=== Given entries ===
(* Let $\Omega\subset\mathbb{R}^3$ be a domain with boundary $\partial\Omega$ and outward unit normal $\mathbf{n}$, and consider a non-reactive fluid with density $\rho>0$ and temperature $T>0$, heat flux $\mathbf{q}=-K\nabla T$ and entropy flux by heat conduction $\mathbf{q}_s=-\frac{K}{T}\nabla T$, where $K$ is a nonnegative matrix (thermal conductivity). Let $S_T=K/T\geq 0$, let $\mathcal{G}_T e=-\nabla(e/\rho)$ on scalar fields and $\mathcal{G}_T^{*}\mathbf{w}=\frac{1}{\rho}\mathrm{div}\,\mathbf{w}$ on vector fields (the formal adjoint of $\mathcal{G}_T$), let $\mathcal{Q}_T e=\frac{1}{\rho T}\left\|\nabla\frac{e}{\rho}\right\|^2_{S_T}$ (so that $\mathcal{Q}_T e\geq 0$ for all $e$), and define $$\mathcal{J}_{\mathbf{q}}=\mathcal{Q}_T-\mathcal{G}_T^{*}S_T\mathcal{G}_T .$$ Then, with the entropy effort $e_s=\rho T$, the rate of entropy addition by heat flux satisfies $$-\frac{1}{\rho T}\,\mathrm{div}\,\mathbf{q}=\mathcal{J}_{\mathbf{q}}e_s,$$ and $$\int_\Omega e_s\,\mathcal{J}_{\mathbf{q}}e_s=-\int_{\partial\Omega}T\,(\mathbf{q}_s\cdot\mathbf{n}).$$
   Context: For a vector $\mathbf{v}$ and matrix $X$, $\|\mathbf{v}\|^2_X=\mathbf{v}^{\mathsf T}X^{\mathsf T}\mathbf{v}$. $\mathcal{Q}_T$ is a (nonlinear) operator on scalar fields. Integrals over $\Omega$ and $\partial\Omega$ are with respect to volume and surface measure. *)

From HB Require Import structures.
From mathcomp Require Import all_boot all_order all_algebra.
From mathcomp Require Import all_classical all_reals all_analysis.
Set Implicit Arguments. Unset Strict Implicit. Unset Printing Implicit Defensive.
Import Order.TTheory GRing.Theory Num.Theory.
Import numFieldNormedType.Exports.
Local Open Scope classical_set_scope.
Local Open Scope ring_scope.

Section Defs.
Variable R : realType.

Notation V3 := 'rV[R]_3.

Definition ee (i : 'I_3) : V3 := delta_mx 0 i.

Definition partial (i : 'I_3) (f : V3 -> R) (x : V3) : R := 'D_(ee i) f x.

Definition grad (f : V3 -> R) (x : V3) : V3 := \row_i partial i f x.

Definition div (w : V3 -> V3) (x : V3) : R :=
  \sum_(i < 3) partial i (fun y => w y 0 i) x.

(** matrix acting on a vector: M v (column convention), written for rows *)
Definition mapply (M : 'M[R]_3) (v : V3) : V3 := v *m M^T.

Definition dot (u v : V3) : R := (u *m v^T) 0 0.

Definition sqnormX (v : V3) (X : 'M[R]_3) : R := (v *m X^T *m v^T) 0 0.

(** nonnegative (positive semidefinite) matrix *)
Definition psd (M : 'M[R]_3) : Prop := forall v : V3, 0 <= (v *m M *m v^T) 0 0.

Definition S_T (T : V3 -> R) (K : V3 -> 'M[R]_3) (x : V3) : 'M[R]_3 :=
  (T x)^-1 *: K x.
Definition G_T (rho : V3 -> R) (e : V3 -> R) (x : V3) : V3 :=
  - grad (fun y => e y / rho y) x.
Definition G_T_adj (rho : V3 -> R) (w : V3 -> V3) (x : V3) : R :=
  (rho x)^-1 * div w x.
Definition Q_T (rho T : V3 -> R) (K : V3 -> 'M[R]_3) (e : V3 -> R) (x : V3) : R :=
  (rho x * T x)^-1 * sqnormX (grad (fun y => e y / rho y) x) (S_T T K x).
Definition J_q (rho T : V3 -> R) (K : V3 -> 'M[R]_3) (e : V3 -> R) (x : V3) : R :=
  Q_T rho T K e x
  - G_T_adj rho (fun y => mapply (S_T T K y) (G_T rho e y)) x.

Definition heat_flux (T : V3 -> R) (K : V3 -> 'M[R]_3) (x : V3) : V3 :=
  - mapply (K x) (grad T x).
Definition entropy_flux (T : V3 -> R) (K : V3 -> 'M[R]_3) (x : V3) : V3 :=
  - mapply ((T x)^-1 *: K x) (grad T x).

Definition C1_on (U : set V3) (f : V3 -> R) : Prop :=
  open U /\ (forall x, U x -> differentiable f x) /\
  (forall i, {within U, continuous (partial i f)}).

Definition C1_near_closure (Om : set V3) (w : V3 -> V3) : Prop :=
  exists U, [/\ open U, closure Om `<=` U & forall i, C1_on U (fun y => w y 0 i)].

Definition to3 (p : (R * R * R)%type) : V3 :=
  \row_(i < 3) (if i == 0 :> nat then p.1.1 else if i == 1 :> nat then p.1.2 else p.2).

Definition vol3 := (((@lebesgue_measure R) \x (@lebesgue_measure R)) \x (@lebesgue_measure R))%E.

Definition vol_int (Om : set V3) (f : V3 -> R) : \bar R :=
  (\int[vol3]_(p in to3 @^-1` Om) (f (to3 p))%:E)%E.

Definition bdry (Om : set V3) : set V3 := closure Om `\` interior Om.
Lemma sim_trP d e (T : 'M[rat]_(e, d)) t t' :
  sim_tr T t t' <-> (forall l i, T l i != 0 -> t.1 i = t'.1 l) /\ T *m t.2 = t'.2.
Proof.
split=> [Tt | [Tr Ta] u].
  have Ta : T *m t.2 = t'.2 by have := Tt 0; rewrite !apply_trE !mulmx0 !add0r.
  split=> // l i Tli; have := Tt (delta_mx i 0).
  rewrite !apply_trE mulmxDr Ta => /addIr /matrixP /(_ l 0).
  rewrite mulmxA -!colE /tr_diag mul_mx_diag mul_diag_mx !mxE => E.
  move: Tli; apply: contraNeq => ne; move: E.
  case: (t.1 i) (t'.1 l) ne => [] [] //= _; first by rewrite mulr1 mul0r => ->.
  by rewrite mulr0 mul1r => <-.
rewrite !apply_trE mulmxDr Ta !mulmxA; congr (_ *m _ + _).
apply/matrixP => l i; rewrite /tr_diag mul_mx_diag mul_diag_mx !mxE.
have [->|Tli] := eqVneq (T l i) 0; first by rewrite mul0r mulr0.
by rewrite (Tr _ _ Tli) mulrC.
Qed.

Lemma affine_neq0 e d (M : 'M[rat]_(e, d)) (b : 'cV[rat]_e) :
  (M != 0) || (b != 0) -> exists x, M *m x + b != 0.
Proof.
have [b0 | bn0] := eqVneq b 0; last by exists 0; rewrite mulmx0 add0r.
rewrite b0 orbF => Mn0.
have /existsP [j Mj] : [exists j, col j M != 0].
  apply: contraR Mn0 => /existsPn Mc; apply/eqP/matrixP => i j.
  by have /negbNE/eqP/matrixP/(_ i 0) := Mc j; rewrite !mxE.
by exists (delta_mx j 0); rewrite addr0 -colE.
Qed.

Lemma affine_eq0P e d (M : 'M[rat]_(e, d)) (b : 'cV[rat]_e) :
  reflect (forall x, M *m x + b = 0) ((M == 0) && (b == 0)).
Proof.
apply: (iffP andP) => [[/eqP-> /eqP->] x | Mb0]; first by rewrite mul0mx addr0.
apply/andP; apply: contraT; rewrite negb_and => /affine_neq0 [x].
by rewrite Mb0 eqxx.
Qed.

Lemma exists_gt_seq (L : seq rat) : exists l, forall v, v \in L -> v < l.
Proof.
elim: L => [|a L [l Hl]]; first by exists 0.
exists (`|l| + `|a| + 1) => v; rewrite inE.
have := ler_norm a; have := ler_norm l; have := normr_ge0 a; have := normr_ge0 l.
by move=> ? ? ? ? /orP [/eqP -> | /Hl]; lra.
Qed.

Definition line_root e (p q : 'cV[rat]_e) : rat :=
  if [pick j | q j 0 != 0] is Some j then - p j 0 / q j 0 else 0.

Lemma line_rootP e (p q : 'cV[rat]_e) (l0 l : rat) :
  p + l0 *: q != 0 -> p + l *: q = 0 -> l = line_root p q.
Proof.
move=> pq0 pq; rewrite /line_root; case: pickP => [j qj | q0].
  have /matrixP /(_ j 0) := pq; rewrite !mxE => E.
  by apply: (mulIf qj); rewrite divfK //; lra.
suff q_eq0 : q = 0.
  by rewrite q_eq0 !scaler0 !addr0 in pq0 pq; rewrite pq eqxx in pq0.
by apply/matrixP => i j; rewrite (ord1 j) mxE; apply/eqP/negbFE/q0.
Qed.

Lemma affine_avoid d e (I : eqType) (s : seq I)
    (M : I -> 'M[rat]_(e, d)) (b : I -> 'cV[rat]_e) :
  (forall c, c \in s -> exists x, M c *m x + b c != 0) ->
  exists x, forall c, c \in s -> M c *m x + b c != 0.
Proof.
elim: s => [|c s IH] Hs; first by exists 0.
have [x Hx] := IH (fun c' sc' => Hs c' (mem_behead (s := c :: s) sc')).
have [y Hy] := Hs c (mem_head _ _).
(* On the line through x and y, each map vanishes at most once (it is
   nonzero at x or at y), so a point beyond all these roots works. *)
pose p c' := M c' *m x + b c'; pose q c' := M c' *m (y - x).
have line c' l : M c' *m (x + l *: (y - x)) + b c' = p c' + l *: q c'.
  by rewrite /p /q mulmxDr -scalemxAr addrAC.
have [l Hl] := exists_gt_seq [seq line_root (p c') (q c') | c' <- c :: s].
exists (x + l *: (y - x)) => c' sc'; rewrite line; apply/eqP => root_l.
have [l0 l0_nroot] : exists l0, p c' + l0 *: q c' != 0.
  move: sc'; rewrite inE => /orP [/eqP -> | sc'].
    by exists 1; rewrite -line scale1r [x + _]addrC subrK.
  by exists 0; rewrite scale0r addr0; exact: Hx.
have := Hl _ (map_f (fun c' => line_root (p c') (q c')) sc').
by rewrite -(line_rootP l0_nroot root_l) ltxx.
Qed.
(* For integers $r\ge 3$ and $n \ge \frac{(r-1)(2r+1)}{2}$, $$\mathrm{co}^{+}\mathrm{ex}(n,\mathrm{T}_r)=\left\lfloor \frac{n}{r}\right\rfloor,$$ where $\mathrm{co}^{+}\mathrm{ex}(n,\mathrm{T}_r)$ is the maximum of $\delta_{r-1}^{+}(\mathcal{H})$ over all $n$-vertex $\mathrm{T}_r$-free $r$-graphs $\mathcal{H}$.
   Context: An $r$-graph $\mathcal{H}$ is a collection of $r$-subsets (edges) of a finite vertex set $V(\mathcal{H})$. The shadow is $\partial\mathcal{H}=\{e\in\binom{V(\mathcal{H})}{r-1}\colon e\subseteq E \text{ for some } E\in\mathcal{H}\}$. For $e\in\partial\mathcal{H}$, $N_{\mathcal{H}}(e)=\{v\in V(\mathcal{H})\colon e\cup\{v\}\in\mathcal{H}\}$. The minimum positive codegree is $\delta_{r-1}^{+}(\mathcal{H})=\min\{|N_{\mathcal{H}}(e)|\colon e\in\partial\mathcal{H}\}$ (for the empty $r$-graph take this to be $0$). The $r$-uniform generalized triangle is $\mathrm{T}_r=\{\{1,\ldots,r-1,r\},\{1,\ldots,r-1,r+1\},\{r,r+1,\ldots,2r-1\}\}$; $\mathcal{H}$ is $\mathrm{T}_r$-free if it contains no subhypergraph isomorphic to $\mathrm{T}_r$. *)

From mathcomp Require Import all_boot.
Set Implicit Arguments. Unset Strict Implicit. Unset Printing Implicit Defensive.

Definition rgraph (n r : nat) (H : {set {set 'I_n}}) : bool :=
  [forall E in H, #|E| == r].

Definition shadow (n r : nat) (H : {set {set 'I_n}}) : {set {set 'I_n}} :=
  [set e : {set 'I_n} | (#|e| == r.-1) && [exists E in H, e \subset E]].

Definition nbhd (n : nat) (H : {set {set 'I_n}}) (e : {set 'I_n}) : {set 'I_n} :=
  [set v : 'I_n | (v |: e) \in H].

(* Minimum positive codegree; 0 for the empty r-graph.  For nonempty H the
   shadow is nonempty, and every value #|nbhd H e| is <= n, so the initial
   value n of the min does not affect the result. *)
Definition minposcodeg (n r : nat) (H : {set {set 'I_n}}) : nat :=
  if H == set0 then 0
  else \big[minn/n]_(e in shadow r H) #|nbhd H e|.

=== Exercise objective ===
In the listing above, find the line containing "elim: s => [|c s IH] Hs; first by exists 0." and the line containing "by exists 0; rewrite scale0r", then repeat those two lines and everything between them exactly.

=== Response ===
elim: s => [|c s IH] Hs; first by exists 0.
have [x Hx] := IH (fun c' sc' => Hs c' (mem_behead (s := c :: s) sc')).
have [y Hy] := Hs c (mem_head _ _).
(* On the line through x and y, each map vanishes at most once (it is
   nonzero at x or at y), so a point beyond all these roots works. *)
pose p c' := M c' *m x + b c'; pose q c' := M c' *m (y - x).
have line c' l : M c' *m (x + l *: (y - x)) + b c' = p c' + l *: q c'.
  by rewrite /p /q mulmxDr -scalemxAr addrAC.
have [l Hl] := exists_gt_seq [seq line_root (p c') (q c') | c' <- c :: s].
exists (x + l *: (y - x)) => c' sc'; rewrite line; apply/eqP => root_l.
have [l0 l0_nroot] : exists l0, p c' + l0 *: q c' != 0.
  move: sc'; rewrite inE => /orP [/eqP -> | sc'].
    by exists 1; rewrite -line scale1r [x + _]addrC subrK.
  by exists 0; rewrite scale0r addr0; exact: Hx.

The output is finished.